Exercise: Go through the records below line by line. Count the lines with "cadjK" and give the count alone.

[Saved entries]
◆ ◆ ◆ ◆

Lemma unital_product_conj (p : 'rV[C]_k -> 'rV[C]_k -> 'rV[C]_k) (g : 'rV[C]_k) :
  unital_product p g -> unital_product (fun x y => radj (p (cadj x) (cadj y))) (radj g).
Proof.
case=> p_linl p_linr p_assoc p_1l p_1r.
split=> [y a x z|x a y z|x y z|x|x] /=; rewrite ?radjK.
- by rewrite cadj_conjlin p_linl radj_conjlin conjCK.
- by rewrite cadj_conjlin p_linr radj_conjlin conjCK.
- by rewrite p_assoc.
- by rewrite p_1l cadjK.
- by rewrite p_1r cadjK.
Qed.

End ConjugateTranspose.

Section RoppFactorization.
Variables (C : numClosedFieldType) (n m : nat).
Variable mul : 'M[C]_(n, m) -> 'M[C]_(n, m) -> 'M[C]_(n, m).
Variables (e : 'cV[C]_n) (f : 'rV[C]_m).
Hypothesis mul_unital : unital_product mul (e *m f).
Hypothesis mul_rank : forall A B : 'M[C]_(n, m),
  \rank A = 1%N -> \rank B = 1%N -> (\rank (mul A B) <= 1)%N.
Hypothesis e0 : e != 0.
Hypothesis f0 : f != 0.

Let mul_linl : forall B, linear (mul^~ B). Proof. by case: mul_unital. Qed.
Let mul_linr : forall A, linear (mul A). Proof. by case: mul_unital. Qed.
Let mulA : associative mul. Proof. by case: mul_unital. Qed.
Let mul1 : left_id (e *m f) mul. Proof. by case: mul_unital. Qed.
Let mulr1 : right_id (e *m f) mul. Proof. by case: mul_unital. Qed.

Let mul_linl_comp (U : lmodType C) (h : U -> 'M[C]_(n, m)) B :
  linear h -> linear (fun x => mul (h x) B).
Proof. by move=> h_lin a x y; rewrite h_lin (mul_linl B). Qed.
Let mul_linr_comp (U : lmodType C) (h : U -> 'M[C]_(n, m)) A :
  linear h -> linear (fun x => mul A (h x)).
Proof. by move=> h_lin a x y; rewrite h_lin (mul_linr A). Qed.

Lemma mul_rank_outer (x y : 'cV[C]_n) (w v : 'rV[C]_m) : (\rank (mul (x *m w) (y *m v)) <= 1)%N.
Proof.
have rank1 (A : 'M_(n, m)) : (\rank A <= 1)%N -> A != 0 -> \rank A = 1%N.
  by move=> rA A0; apply/eqP; rewrite eqn_leq rA lt0n mxrank_eq0.
have [->|xw0] := eqVneq (x *m w) 0; first by rewrite (lfun0 (mul_linl _)) mxrank0.
have [->|yv0] := eqVneq (y *m v) 0; first by rewrite (lfun0 (mul_linr _)) mxrank0.
by apply: mul_rank; apply: rank1; rewrite ?mxrank_outer.
Qed.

◆ ◆ ◆ ◆

Answer to this task: 2